A rare 1790 Dublin edition of the 18th century travel book sensation Travels to Discover the Source of The Nile by Scottish writer James Bruce – famously described by a reviewer as “the truth, the whole truth, and nothing but the truth” – is €1,750.

Among numerous Irish travel books is The Stranger in Ireland; or, A Tour in the Southern and Western parts of that country in the year 1805 by John Carr (€1,250); and A Little Bit of Ireland by Louise McKay published in London in 1927 (€125).

Irish country house collections

Collectors interested in researching the amazing libraries that once graced Irish country houses will find a selection of old auction catalogues including Christie’s: Sale of Library of Books, Adare Manor on 10 June, 1982 (€150).

A real curiosity is an undated Provincial Bank of Ireland Limited – Rules for Officers. No. 200. Private and confidential which reminds staff that “officers with salaries below £150 per annum are not permitted to marry” and that bankers are “not permitted to overdraw their accounts without permission of the Directors” (€195).

A first edition of Red Hanrahan and The Secret Rose by WB Yeats (pictured), published in London by Macmillan in 1927, may also appeal to art collectors as it’s illustrated by Norah McGuinness (€325).

For full catalogue see

De Búrca Rare Books, Dublin

The autumn catalogue from De Búrca Rare Books in Blackrock, Co Dublin includes some 350 books, manuscripts, cartoons and photographs. Highlights include an “exceedingly rare book” – a 17th Italian publication of “all that was factually known about St Patrick” – described as “the Moses of Ireland”.

Il Mosé dell’ Ibernia vita del glorioso S Patrizio . . . Apostolo, e Primate dell’ Ibernia is by Giacomo Certani, professor of Moral Philosophy at the University of Bologna. Only five copies of this book, published in Bologna in 1686, are known which explains the price of €1,275 . Among the illustrations is St Patrick (better known for ridding Ireland of snakes] actually banishing winged devils from the country.

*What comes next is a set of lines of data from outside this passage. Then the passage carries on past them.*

(* The order-preserving map $\psi:T_K(V)\to T_{O_K}(\Lambda)$, $W\mapsto W\cap\Lambda$, induces a homotopy equivalence of the order complexes (geometric realizations) $T_K(V)^\bullet\simeq T_{O_K}(\Lambda)^\bullet$.
   Context: $K$ finite over $\mathbb Q_p$, $O_K$ its integers, $\pi$ a uniformizer, $V=K^{d+1}$, $\Lambda=\bigoplus_{i=0}^dO_Ke_i$. $T_K(V)$ is the poset (under inclusion) of $K$-subspaces $0\neq W\subsetneq V$ (the Tits building of $\mathrm{GL}(V)$). $T_{O_K}(\Lambda)$ is the poset (under inclusion) of $O_K$-submodules $U\subset\Lambda$ with $U\not\subset\pi\Lambda$ (i.e. $\dim_{O_K/\pi}(U+\pi\Lambda)/\pi\Lambda\ge1$) which can be generated by at most $d$ elements. For a poset $X$, the order complex $X^\bullet$ has as $n$-simplices chains $x_0\prec\cdots\prec x_n$. *)

From HB Require Import structures.
From mathcomp Require Import all_boot all_order all_algebra.
From mathcomp Require Import boolp classical_sets.
From mathcomp Require Import Rstruct.
Set Implicit Arguments. Unset Strict Implicit. Unset Printing Implicit Defensive.
Import Order.TTheory GRing.Theory Num.Theory.
Local Open Scope ring_scope.
Local Open Scope classical_set_scope.
Notation R := Rdefinitions.R.

(* The value v 0 is irrelevant (never used).                          *)

Definition discrete_valuation (K : fieldType) (v : K -> int) : Prop :=
  [/\ (forall x y : K, x != 0 -> y != 0 -> v (x * y) = v x + v y),
      (forall x y : K, x != 0 -> y != 0 -> x + y != 0 ->
          Num.min (v x) (v y) <= v (x + y))
    & (exists p : K, p != 0 /\ v p = 1)].
Lemma sat_dist_NE l : dist_in_range DistNE k.+1 l ->
  sat_alt QEx k.+1 d (dist_formula DistNE l k.+1 d x y) s <-> Y - X <> l.
Proof.
move=> /= hl; cbn [dist_formula]; rewrite sat_dist_cut.
have hk : 1 <= k by lia.
case: (leqP l 1) => [l_le1|l_gt1].
  split=> [[a [/andP[xa _]]]|D]; first by rewrite sat_lt_cut_qf; lia.
  have [a ea] := @cut_witness X.+1 ltac:(lia).
  by exists a; rewrite sat_lt_cut_qf; lia.
have := reach_succ hk; have := reach_gt0 k => r0 rk.
have whole (a : 'I_m.+1) :
    sat_alt QAll k d.+1 (FNot (dist_formula DistGE l./2.+1 k d.+1 x y)) (upd s d a) <->
    Y - X <= l./2.
  have [ex ey _] := tval_cut a.
  by rewrite sat_not_dist ?ex ?ey //=; lia.
split=> [[a [/andP[xa aY]]]|D].
  rewrite sat_eq_cut; case: eqP => [aY'|aY']; first by rewrite whole; lia.
  by rewrite sat_halves /=; lia.
case: (leqP (Y - X) l./2) => D'.
  have [a ea] := cut_witness (leqnn Y).
  by exists a; rewrite ea hxy leqnn sat_eq_cut ea eqxx whole.
have [a ea] := @cut_witness (X + l./2) ltac:(lia).
exists a; split; first lia.
rewrite sat_eq_cut; case: eqP => [|_]; first lia.
by rewrite sat_halves /=; lia.
Qed.

End DistFormulaStep.

Lemma sat_dist_formula m n f l d x y (s : nat -> 'I_m.+1) :
  1 <= n -> term_within d x -> term_within d y -> tval s x < tval s y ->
  dist_in_range f n l ->
  sat_alt QEx n d (dist_formula f l n d x y) s <-> dist_holds f l (tval s y - tval s x).
Proof.
elim: n f l d x y s => [//|k IH] f l d x y s _ hx hy hxy.
have IHk f' l' := IH f' l' d.+1.
case: f => hl.
- exact: (sat_dist_GE hx hy hxy IHk).
- exact: (sat_dist_LE hx hy hxy IHk).
- exact: (sat_dist_EQ hx hy hxy IHk).
- exact: (sat_dist_NE hx hy hxy IHk).
Qed.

The national saint’s good works didn’t, however, prevent the 17th century events chronicled by Thomas Waring in A Brief Narration of the Plotting, Beginning & Carrying on of that Execrable Rebellion and Butcherie in Ireland. “With the unheard of devilish-cruelties and massacres by the Irish-rebels, exercised upon the Protestants and English there” – of which an “extremely rare” copy, dating from 1650, is priced at €1,250.

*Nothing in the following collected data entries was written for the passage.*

(* Let $A=\{a_1,\dots,a_k\}$ be finite and $u_1,u_2:A\to\mathbb{R}$. In every subgame-perfect Nash equilibrium $\sigma=(\sigma_1,\sigma_2)$ of the two-player Price \& Choose game, player 1's price vector is $\sigma_1=p^*$, where $p^*_j=u_2(a_j)-\mathrm{Avg}_2$ for all $j$ (the unique price vector in $P$ making player 2 indifferent among all options).
   Context: Two players with quasi-linear utilities: if option $a\in A$ is selected and player $i$ receives transfer $t_i$, player $i$'s utility is $u_i(a)+t_i$. Let $P=\{p\in\mathbb{R}^k:\sum_{j=1}^k p_j=0\}$ and $\mathrm{Avg}_2=\frac1k\sum_{j}u_2(a_j)$. The Price \& Choose game: player 1 chooses $p\in P$; then player 2, having observed $p$, chooses $a_j\in A$ and pays $p_j$ to player 1; payoffs $g_1(p,a_j)=u_1(a_j)+p_j$, $g_2(p,a_j)=u_2(a_j)-p_j$. A pure strategy profile $\sigma=(\sigma_1,\sigma_2)$, $\sigma_1\in P$, $\sigma_2:P\to A$, is a subgame-perfect Nash equilibrium if $\sigma_2(p)\in\arg\max_{a}g_2(p,a)$ for every $p\in P$ and $g_1(\sigma_1,\sigma_2(\sigma_1))\ge g_1(p,\sigma_2(p))$ for all $p\in P$. *)

From mathcomp Require Import all_boot all_order all_algebra.
Set Implicit Arguments. Unset Strict Implicit. Unset Printing Implicit Defensive.
Import Order.TTheory GRing.Theory Num.Theory.
Local Open Scope ring_scope.

Definition in_P (R : realFieldType) (k : nat) (p : 'I_k -> R) : Prop :=
  \sum_(j < k) p j = 0.

Definition priceP (R : realFieldType) (k : nat) := {p : 'I_k -> R | in_P p}.

Definition g1 (R : realFieldType) (k : nat) (u1 : 'I_k -> R)
  (p : 'I_k -> R) (j : 'I_k) : R := u1 j + p j.
Definition g2 (R : realFieldType) (k : nat) (u2 : 'I_k -> R)
  (p : 'I_k -> R) (j : 'I_k) : R := u2 j - p j.

Definition is_SPNE (R : realFieldType) (k : nat) (u1 u2 : 'I_k -> R)
  (s1 : priceP R k) (s2 : priceP R k -> 'I_k) : Prop :=
  (forall (p : priceP R k) (j : 'I_k), g2 u2 (proj1_sig p) j <= g2 u2 (proj1_sig p) (s2 p))
  /\ (forall p : priceP R k, g1 u1 (proj1_sig p) (s2 p) <= g1 u1 (proj1_sig s1) (s2 s1)).

Definition avg2 (R : realFieldType) (k : nat) (u2 : 'I_k -> R) : R :=
  (k%:R)^-1 * \sum_(j < k) u2 j.

From mathcomp Require Import all_boot all_order all_algebra.
From mathcomp Require Import ring lra.
Set Implicit Arguments. Unset Strict Implicit. Unset Printing Implicit Defensive.
Import Order.TTheory GRing.Theory Num.Theory.
Local Open Scope ring_scope.

(* Since prices sum to zero, player 2's payoffs u2 j - p j average to Avg2, so
   the best payoff c available to player 2 is at least Avg2, with equality only
   at p*.  If c > Avg2 at an equilibrium with chosen option a, player 1 may
   raise the prices of all options other than a by (c - Avg2)/k and lower the
   price of a so that a remains player 2's unique best reply, strictly gaining
   (c - Avg2)/k.  Hence c = Avg2 and the equilibrium price is p*. *)

Lemma eq_const_of_sum_le (R : numDomainType) (k : nat) (F : 'I_k -> R) (c : R) :
  (forall i, F i <= c) -> \sum_(i < k) F i = k%:R * c -> forall i, F i = c.
Proof.
move=> F_le_c sumF i.
have sum_gap : \sum_(i < k) (c - F i) = 0.
  by rewrite sumrB sumF sumr_const card_ord mulr_natl subrr.
have gap_ge0 : forall i, predT i -> 0 <= c - F i by move=> ? _; rewrite subr_ge0.
by apply/esym/eqP; rewrite -subr_eq0; apply/eqP/(psumr_eq0P gap_ge0 sum_gap).
Qed.

Section PriceAndChoose.

Variables (R : realFieldType) (k : nat) (u1 u2 : 'I_k -> R).

Lemma natr_ord_gt0 (a : 'I_k) : 0 < k%:R :> R.
Proof. by rewrite ltr0n (leq_ltn_trans (leq0n a) (ltn_ord a)). Qed.

Lemma mulr_natl_avg2 : k%:R * avg2 u2 = \sum_(j < k) u2 j.
Proof.
rewrite /avg2; case: k u2 => [|n] v; first by rewrite big_ord0 mul0r.
by rewrite mulrA mulfV ?mul1r // pnatr_eq0.
Qed.

Lemma sum_g2 (p : 'I_k -> R) : in_P p -> \sum_(j < k) g2 u2 p j = k%:R * avg2 u2.
Proof. by rewrite /in_P /g2 sumrB mulr_natl_avg2 => ->; rewrite subr0. Qed.

(* The deviation of player 1: p* shifted by d/k everywhere, and by -d at a. *)
Definition tilted_price (a : 'I_k) (d : R) (j : 'I_k) : R :=
  u2 j - avg2 u2 + d / k%:R - (j == a)%:R * d.

Lemma tilted_price_in_P (a : 'I_k) (d : R) : in_P (tilted_price a d).
Proof.
have k_neq0 : k%:R != 0 :> R by rewrite gt_eqF ?(natr_ord_gt0 a).
rewrite /in_P /tilted_price sumrB big_split sumrB !sumr_const card_ord.
rewrite -[avg2 u2 *+ _]mulr_natl -[d / _ *+ _]mulr_natl mulr_natl_avg2 subrr.
rewrite /= add0r mulrC divfK //.
rewrite (bigD1 a) //= eqxx mul1r big1 ?addr0 ?subrr // => j /negPf ->.
by rewrite mul0r.
Qed.

Lemma g2_tilted_price (a : 'I_k) (d : R) (j : 'I_k) :
  g2 u2 (tilted_price a d) j = avg2 u2 - d / k%:R + (j == a)%:R * d.
Proof. by rewrite /g2 /tilted_price; ring. Qed.

Lemma best_reply_tilted_price (a b : 'I_k) (d : R) : 0 < d ->
  (forall j, g2 u2 (tilted_price a d) j <= g2 u2 (tilted_price a d) b) -> b = a.
Proof.
move=> d_gt0 b_best; apply/eqP/negPn/negP => b_neq_a.
have := b_best a; rewrite !g2_tilted_price eqxx (negPf b_neq_a) mul1r mul0r.
lra.
Qed.

Lemma g1_tilted_price (a : 'I_k) (d : R) :
  g1 u1 (tilted_price a d) a = u1 a + u2 a - avg2 u2 - d + d / k%:R.
Proof. by rewrite /g1 /tilted_price eqxx mul1r; ring. Qed.

Lemma SPNE_value_le_avg2 (s1 : priceP R k) (s2 : priceP R k -> 'I_k) :
  is_SPNE u1 u2 s1 s2 -> g2 u2 (proj1_sig s1) (s2 s1) <= avg2 u2.
Proof.
move=> [best_reply no_deviation]; set a := s2 s1.
rewrite leNgt; apply/negP => avg_lt.
set d := g2 u2 (proj1_sig s1) a - avg2 u2.
have d_gt0 : 0 < d by rewrite subr_gt0.
have gain_gt0 : 0 < d / k%:R by rewrite divr_gt0 ?(natr_ord_gt0 a).
pose q : priceP R k := exist _ _ (tilted_price_in_P a d).
have q_reply : s2 q = a by apply: best_reply_tilted_price d_gt0 (best_reply q).
have := no_deviation q; rewrite q_reply g1_tilted_price.
by move: d_gt0 gain_gt0; rewrite /d /g1 /g2; lra.
Qed.

End PriceAndChoose.

Theorem mainTheorem3 (R : realFieldType) (k : nat) (u1 u2 : 'I_k -> R)
  (s1 : priceP R k) (s2 : priceP R k -> 'I_k) :
  is_SPNE u1 u2 s1 s2 ->
  forall j : 'I_k, proj1_sig s1 j = u2 j - avg2 u2.
Proof.
move=> spne; have value_le := SPNE_value_le_avg2 spne.
have g2_le_avg2 : forall j, g2 u2 (proj1_sig s1) j <= avg2 u2.
  by move=> j; apply: le_trans value_le; exact: spne.1.
move=> j; have := eq_const_of_sum_le g2_le_avg2 (sum_g2 u2 (proj2_sig s1)) j.
by rewrite /g2 => <-; ring.
Qed.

Cruelty of Revenue officers

The truly eclectic nature of the catalogue is the juxtaposition of utterly incompatible subjects exemplified by the “profusely illustrated” Showband Folk and Beat Annual 1968, which includes articles on the Miami showband and a piece headlined “Bigger they are – easier to handle”, by Jimmy Magee, for €225.

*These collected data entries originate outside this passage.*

Lemma potential_step_majority (th : 'I_K -> R) :
  1 / 2 < softmax th astar -> potential (npg_step th) <= K%:R * (2 * eta).
Proof.
move=> hp; rewrite mulr_natl -[in _ *+ K](card_ord K) -sumr_const.
apply: ler_sum => a _; rewrite ge_max; apply/andP; split.
  have := rel_le0_of_majority a hp; have := rel_step_bound th a.
  by rewrite ler_norml => /andP[_ ?] ?; lra.
by rewrite (le_trans floor_le_thresh) // (le_trans thresh_le0) // mulr_ge0.
Qed.

Lemma potential_iter_bounded theta1 t :
  potential (npg_iter eta r theta1 t) <=
  Num.max (potential theta1) (K%:R * (2 * eta)).
Proof.
elim: t => [|t IH]; first by rewrite le_max lexx.
rewrite npg_iterS; set th := npg_iter eta r theta1 t.
have [hp|hp] := leP (softmax th astar) (1 / 2).
  exact: le_trans (potential_step_le hp) IH.
by rewrite le_max (potential_step_majority hp) orbT.
Qed.

Lemma rel_le_of_potential (th : 'I_K -> R) C a :
  potential th <= C -> rel th a <= C - K%:R * floor + floor.
Proof.
move=> hC; have hsum : Num.max (rel th a) floor - floor <=
    \sum_(b < K) (Num.max (rel th b) floor - floor).
  rewrite (bigD1 a) //= lerDl sumr_ge0 // => b _.
  by rewrite subr_ge0 le_max lexx orbT.
rewrite sumrB sumr_const card_ord -mulr_natl in hsum.
have : rel th a <= Num.max (rel th a) floor by rewrite le_max lexx.
move: hC; rewrite /potential; lra.
Qed.

Lemma rel_iter_bounded theta1 :
  exists B, forall t a, rel (npg_iter eta r theta1 t) a <= B.
Proof.
eexists => t a; apply: rel_le_of_potential; exact: potential_iter_bounded.
Qed.

End Potential.

Lemma reward_gap (R : realType) (K : nat) (r : 'I_K -> R) (astar : 'I_K) :
  (forall a, a != astar -> r a < r astar) ->
  exists Delta : R, [/\ 0 < Delta, Delta <= 1 &
    forall a, a != astar -> Delta <= r astar - r a].
Proof.
move=> hstar; exists (\big[Num.min/1]_(a | a != astar) (r astar - r a)); split.
- apply: (big_ind (fun x => 0 < x)) => // [x y hx hy|a ha].
    by rewrite lt_min hx hy.
  by rewrite subr_gt0 hstar.
- exact: bigmin_le_id.
- by move=> a ha; exact: bigmin_le_cond.
Qed.

Theorem lemma4 (R : realType) (K : nat) (hK : (2 <= K)%N)
  (r : 'I_K -> R) (hr : forall a, 0 <= r a <= 1)
  (astar : 'I_K) (hstar : forall a, a != astar -> r a < r astar)
  (theta1 : 'I_K -> R) :
  exists c : R, 0 < c /\
    forall t : nat, c <= softmax (npg_iter (1 / 6) r theta1 t) astar.
Proof.
have [Delta [hD0 hD1 hgap]] := reward_gap hstar.
have [B hB] := rel_iter_bounded hr (eta := 1 / 6) ltac:(lra) hD0 hD1 hgap theta1.
exists (1 / (K%:R * expR B)); split.
  by rewrite divr_gt0 // mulr_gt0 ?expR_gt0 // ltr0n (K_gt0 astar).
by move=> t; apply: softmax_astar_lower_bound; exact: hB.
Qed.
(* Let F_S be the spanning subgraph of the positive edges carrying an
   A-splitting and the negative edges carrying a B-splitting.  At an edge of
   F_S the splitting runs along both sides of its ribbon, at any other edge
   it cuts across, so the resolved curve is the boundary of the surface F_S
   and delta(S) = bc(F_S).  Combinatorially the resolved curve is traced by
   the permutation s_F o sigma of the darts, where s_F swaps the two darts of
   each edge of F: its cycles through vertices incident to F follow the
   boundary walks (faces) of F, and the remaining ones circle the vertex
   discs carrying no edge of F.  The monomials then match after counting the
   A-splittings as |F| - e_-(F) + e_-(G - F) and substituting x = Bd/A,
   y = Ad/B, z = 1/d. *)

Lemma card_imset_root (T : finType) (e : rel T) (a : {pred T}) :
  connect_sym e -> closed e a -> #|[set fingraph.root e x | x in a]| = n_comp e a.
Proof.
move=> sym_e cl_a; apply: eq_card => x; rewrite !inE.
apply/imsetP/andP => [[y a_y ->] | [/eqP rx a_x]]; last by exists x.
by split; [exact: roots_root | rewrite -(closed_connect cl_a (connect_root e y))].
Qed.

Lemma fconnect_iterP (T : finType) (f : T -> T) x y :
  reflect (exists n, iter n f x = y) (fconnect f x y).
Proof.
apply: (iffP idP) => [xy | [n <-]]; last exact: fconnect_iter.
by exists (findex f x y); apply: iter_findex.
Qed.

Lemma eq_froot_in (T : finType) (f f' : T -> T) (a : {pred T}) :
  {in a, f =1 f'} -> {homo f : x / x \in a} -> {in a, froot f =1 froot f'}.
Proof.
move=> eq_ff' f_a x a_x.
have iter_ff' n : iter n f x = iter n f' x /\ iter n f x \in a.
  elim: n => [|n [IHeq IHa]] //=; rewrite -IHeq eq_ff' //; split=> //.
  by rewrite -eq_ff' // f_a.
rewrite /fingraph.root; congr odflt; apply: eq_pick => y /=.
apply/fconnect_iterP/fconnect_iterP => [] [n <-]; exists n; by case: (iter_ff' n).
Qed.

Section Boundary.
Variable G : ribbon.
Local Notation D := (rD G).
Local Notation V := (rV G).
Local Notation sg := (sigma G).
Local Notation al := (alpha G).
Local Notation vt := (vert G).
Local Notation ed := (edge G).
Hypothesis alphaK : involutive al.
Hypothesis edge_alpha : forall x, ed (al x) = ed x.
Hypothesis vert_sigma : forall x, vt (sg x) = vt x.
Hypothesis vert_sigma_orbit :
  forall x y, vt x = vt y -> exists k, (sg ^+ k)%g x = y.

Lemma vert_iter_sigma k x : vt (iter k sg x) = vt x.
Proof. by elim: k => //= k IHk; rewrite vert_sigma. Qed.

Lemma iter_sigma_inj k : injective (iter k sg).
Proof. by move=> x y; rewrite -!permX => /perm_inj. Qed.

Lemma iter_sigma_onto x y :
  vt x = vt y -> exists2 j, j < #|D| & iter j.+1 sg x = y.
Proof.
move=> /vert_sigma_orbit [k]; rewrite permX => <-.
have sg_inj : injective sg := @perm_inj _ sg.
have le_ord : fingraph.order sg x <= #|D| := max_card _.
have ord_gt0 := fingraph.order_gt0 sg x.
have xy : fconnect sg x (iter k sg x) := fconnect_iter sg k x.
case: (findex sg x _) (findex_max xy) (iter_findex xy) => [|i] lt_i <-.
  by exists (fingraph.order sg x).-1; [lia | rewrite prednK // iter_order].
by exists i; first lia.
Qed.

Variable F : {set rE G}.
Local Notation inF x := (ed x \in F).

Definition incidentF (x : D) : bool := [exists y, (vt y == vt x) && inF y].

Lemma incidentF_self x : inF x -> incidentF x.
Proof. by move=> Fx; apply/existsP; exists x; rewrite eqxx. Qed.

Lemma incidentF_iter_sigma n x : incidentF (iter n sg x) = incidentF x.
Proof. by rewrite /incidentF vert_iter_sigma. Qed.

Lemma incidentF_iter x :
  incidentF x -> exists2 j, j < #|D| & inF (iter j.+1 sg x).
Proof.
case/existsP => y /andP[/eqP yx Fy].
by have [j lt_j jy] := iter_sigma_onto _ _ (esym yx); exists j; rewrite ?jy.
Qed.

Described as “very rare”, Oppressions and Cruelties of Irish Revenue Officers, published in 1818 by the Rev Edward Chichester, sounds like it could become a bestseller in the 21st century (€375).

Among a fascinating selection of political cartoons is one from Punch magazine published on August 31st, 1861 captioned “Doth not a meeting like this make amends?” which shows Queen Victoria shaking hands with an Irish colleen and proclaiming “My Dear Ireland, How much better you look since my last visit. I am so glad!” (pictured, €125).

Queen Victoria’s much-documented visit to Co Kerry sparked Ireland’s first tourism and a spate of travel books including A Walking Tour Round Ireland in 1865 by “An Englishman” [William Whittaker Barry] (€375).